Startup unicorn adalah istilah baru dalam dunia usaha. Unicorn yang merupakan makhluk mitologi seperti mewakili keistimewaan yang ada pada perusahaan-perusahaan startup tertentu. Pencapaian startup tersebut hampir seperti mitos. Sebenarnya apa sih startup unicorn itu? Simak di bawah ini.

 

1. Apa itu Startup Unicorn?

via publicdomainpictures.net

Perusahaan rintisan atau lazim disebut startup disebut sudah sampai pada level unicorn jika nilai valuasinya mencapai 1 milyar dolar AS atau setara dengan 13,1 triliun rupiah. Istilah ini pertama kali diperkenalkan oleh entrepreneur Aileen Lee. Ia memilih makhluk mitologi unicorn untuk menunjukkan betapa langkanya jenis perusahaan sukses seperti ini.

Sampai Maret 2017, sudah ada sekitar 223 perusahaan startup unicorn di dunia. Startup pertama yang berhasil menyandang label startup unicorn adalah Uber.

 

2. Apa Faktor Pendukungnya?

via pixabay.com

Lonjakan media sosial dan teknologi punya andil menciptakan perusahaan-perusahaan seperti ini. Mereka memiliki akses untuk mengembangkan bisnis mereka secara pesat.

Perusahaan-perusahaan startup unicorn ini juga banyak yang mengadopsi strategi GBF (Get Big Fast). Mereka mengumpulkan modal dari investor sebanyak-banyaknya agar bisa berkembang. Dengan begitu, mereka bisa sesegera mungkin melejit dan menyingkirkan perusahaan saingan.

Faktor lain, banyak dari perusahaan startup unicorn yang lahir dari campur tangan perusahaan besar seperti Apple, Google dan Facebook. Perusahaan besar tersebut lebih memilih untuk mencaplok perusahaan startup yang sudah matang ketimbang merintis sendiri dari awal.

 

3. Startup Unicorn dari Indonesia

A post shared by jawapostv (@jawapos_tv) on

Indonesia sudah punya lho perusahaan dengan predikat unicorn. Nama-nama perusahaan ini pasti sudah tidak asing lagi, yakni Traveloka, Tokopedia, dan Gojek.

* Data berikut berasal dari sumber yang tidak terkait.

(* Let $R$ be a commutative ring with $1$, let $A,B\unlhd R$ be ideals, and let $n\ge 3$. Then $$ C_{\operatorname{GL}(n,R)}\Big(E(n,R,A),\big[E(n,R,(B:A)),E(n,R,A)\big]\Big)=C\big(n,R,(B:A)\big). $$
   Context: Commutators are left-normed: $[x,y]=xyx^{-1}y^{-1}$, and for subgroups $F,H$, $[F,H]$ is the subgroup generated by all $[f,h]$, $f\in F$, $h\in H$. For subgroups $F,H$ of a group $G$, the centraliser of $F$ modulo $H$ is $C_G(F,H)=\{g\in G\mid [f,g]\in H \text{ for all } f\in F\}$. For $\xi\in R$ and $1\le i\ne j\le n$, $t_{ij}(\xi)=e+\xi e_{ij}$. For an ideal $I$, $E(n,I)$ is the subgroup generated by all $t_{ij}(\xi)$, $\xi\in I$, $i\ne j$; $E(n,R)=E(n,R)$ with $I=R$ is the elementary group; and the relative elementary subgroup $E(n,R,I)$ is the normal closure of $E(n,I)$ in $E(n,R)$. The full congruence subgroup $C(n,R,I)$ is the set of $g\in\operatorname{GL}(n,R)$ whose image modulo $I$ is a scalar matrix $\lambda e$ with $\lambda\in (R/I)^*$, i.e. $g_{ij}\in I$ and $g_{ii}-g_{jj}\in I$ for all $i\ne j$. The ideal quotient is $(B:A)=\{x\in R\mid xA\subseteq B\}$. *)

From HB Require Import structures.
From mathcomp Require Import all_boot all_order all_algebra.
Set Implicit Arguments. Unset Strict Implicit. Unset Printing Implicit Defensive.
Import GRing.Theory.
Local Open Scope ring_scope.

Section Defs.
Variables (R : comPzRingType) (n : nat).
Notation M := 'M[R]_n.

Definition is_ideal (I : R -> Prop) : Prop :=
  I 0 /\ (forall x y, I x -> I y -> I (x + y)) /\ (forall r x, I x -> I (r * x)).

Definition ideal_quot (B A : R -> Prop) : R -> Prop :=
  fun x => forall a, A a -> B (x * a).

Definition inv_of (x y : M) : Prop := x *m y = 1%:M /\ y *m x = 1%:M.

Definition GLn : M -> Prop := fun g => exists h, inv_of g h.

Inductive gen (S : M -> Prop) : M -> Prop :=
  | gen1 : gen S 1%:M
  | gen_in : forall x, S x -> gen S x
  | gen_inv : forall x y, S x -> inv_of x y -> gen S y
  | gen_mul : forall x y, gen S x -> gen S y -> gen S (x *m y).

Definition comm_set (F H : M -> Prop) : M -> Prop :=
  fun z => exists f h f' h', [/\ F f, H h, inv_of f f', inv_of h h' &
                               z = f *m h *m f' *m h'].

Definition comm_subgroup (F H : M -> Prop) : M -> Prop := gen (comm_set F H).

Definition centr_mod (F H : M -> Prop) : M -> Prop :=
  fun g => GLn g /\ forall f f' g', F f -> inv_of f f' -> inv_of g g' ->
                                    H (f *m g *m f' *m g').

Definition transv (i j : 'I_n) (xi : R) : M := 1%:M + xi *: delta_mx i j.

Definition elem_ideal (I : R -> Prop) : M -> Prop :=
  gen (fun x => exists i j xi, [/\ i != j, I xi & x = transv i j xi]).

Definition elem : M -> Prop := elem_ideal (fun _ => True).

(* relative elementary subgroup E(n,R,I): normal closure of E(n,I) in E(n,R) *)
Definition rel_elem (I : R -> Prop) : M -> Prop :=
  gen (fun x => exists g g' y, [/\ elem g, inv_of g g', elem_ideal I y &
                                  x = g *m y *m g']).

Definition full_cong (I : R -> Prop) : M -> Prop :=
  fun g => GLn g /\ forall i j : 'I_n, i != j -> I (g i j) /\ I (g i i - g j j).

End Defs.

From mathcomp Require Import all_boot all_order all_algebra.
From mathcomp Require Import ring zify.
Set Implicit Arguments. Unset Strict Implicit. Unset Printing Implicit Defensive.
Import GRing.Theory.
Local Open Scope ring_scope.

(* (=>) Elements of E(n,R,P) are congruent to 1 modulo P, so every element of H
   is congruent to 1 modulo IA, which is contained in B.  Applied to the
   commutator [t_ij(a), g] this says t_ij(a) g - g t_ij(a) has entries in B;
   reading off suitable entries gives a g_ij and a (g_jj - g_ii) in B for all
   a in A, i.e. g is in C(n,R,I).

   (<=) Using [x y, g] = x [y, g] x^-1 [x, g] and the normality of H under E(n,R)
   and of C(n,R,I) under conjugation, it suffices to treat x = t_ij(a).  Then
   g t_ij(-a) g^-1 is the rank-one transvection 1 + u v with u = g e_i,
   v = -a e_j g^-1 and v u = 0.  A Koszul-type expansion writes v through the
   skew rows u_l e_k - u_k e_l of u; each factor of the corresponding product
   is split into elementary transvections lying in H, by the Chevalley
   commutator formula [t_ik(b), t_kj(a)] = t_ij(ba) with a third index k. *)

Section Inverses.
Variables (R : comPzRingType) (n : nat).
Local Notation M := 'M[R]_n.

Lemma inv_of_uniq (x y z : M) : inv_of x y -> inv_of x z -> y = z.
Proof. by move=> [xy yx] [xz _]; rewrite -[y]mulmx1 -xz mulmxA yx mul1mx. Qed.

Lemma inv_of1 : inv_of (1%:M : M) 1%:M.
Proof. by split; rewrite mul1mx. Qed.

Lemma inv_of_sym (x y : M) : inv_of x y -> inv_of y x.
Proof. by case. Qed.

Lemma inv_of_mul (x x' y y' : M) :
  inv_of x x' -> inv_of y y' -> inv_of (x *m y) (y' *m x').
Proof.
move=> [xx' x'x] [yy' y'y]; split.
  by rewrite mulmxA -(mulmxA x) yy' mulmx1 xx'.
by rewrite mulmxA -(mulmxA y') x'x mulmx1 y'y.
Qed.

Lemma inv_of_conj (g g' x x' : M) :
  inv_of g g' -> inv_of x x' -> inv_of (g *m x *m g') (g *m x' *m g').
Proof.
by move=> hg hx; rewrite -[g *m x' *m g']mulmxA; apply/inv_of_mul/inv_of_sym/hg/inv_of_mul.
Qed.

Lemma conj_mul (g g' x y : M) :
  inv_of g g' -> g *m (x *m y) *m g' = (g *m x *m g') *m (g *m y *m g').
Proof. by case=> _ g'g; rewrite !mulmxA -(mulmxA _ g') g'g mulmx1. Qed.

Lemma GLn_mul (x y : M) : GLn x -> GLn y -> GLn (x *m y).
Proof. by move=> [x' hx] [y' hy]; exists (y' *m x'); apply: inv_of_mul. Qed.

Lemma GLn_inv (x y : M) : inv_of x y -> GLn y.
Proof. by move=> hxy; exists x; apply: inv_of_sym. Qed.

Gojek yang layanan utamanya adalah transportasi online memiliki nilai valuasi 1,3 miliar dolar AS atau sekitar 13 triliun rupiah. Tokopedia yang menjadi marketplace nomor satu di Indonesia memiliki total pendanaan mencapai 1 miliar dolar AS. Sementara Traveloka, perusahaan yang bergerak di bidang penjualan tiket transportasi dan booking hotel mendapatkan pendanaan mencapai 1 miliar dolar dari investornya.

 

4. Sisi Buruk Startup Unicorn

via wikimedia.org

Pertumbuhan yang pesat dari perusahaan-perusahaan ini bukan berarti enggak ada risikonya. Bill Gurney, seorang analis ekonomi, memprediksi semakin bertambahnya perusahaan semacam ini kemungkinan akan berakhir seperti ledakan perusahaan berbasis internet pada awal tahun 2000-an. Perusahaan ini muncul karena perkembangan internet dan besarnya ekspektasi, namun enggak disertai dengan kesinambungan perusahaan yang solid.

 

5. Selanjutnya apa?

A post shared by Fintechtime (@fintechtime) on

Dengan begitu banyaknya perusahaan startup unicorn yang bermunculan, kini muncul istilah baru lagi. Decacorn adalah perusahaan startup yang nilai valuasinya sekurang-kurangnya 10 miliar dolar AS. Ada pula hectocorn, perusahaan startup yang nilai valuasinya melampaui 100 miliar dolar. Perusahaan seperti Uber, Xiaomi, Airbnb, dan Dropbox sudah mencapai predikat-predikat tersebut.

 

 Nah, sekarang kalau ada temanmu yang ngobrol tentang unicorn, tanyakan lagi unicorn dalam istilah mana? Unicorn di startup atau unicorn di cerita dongeng?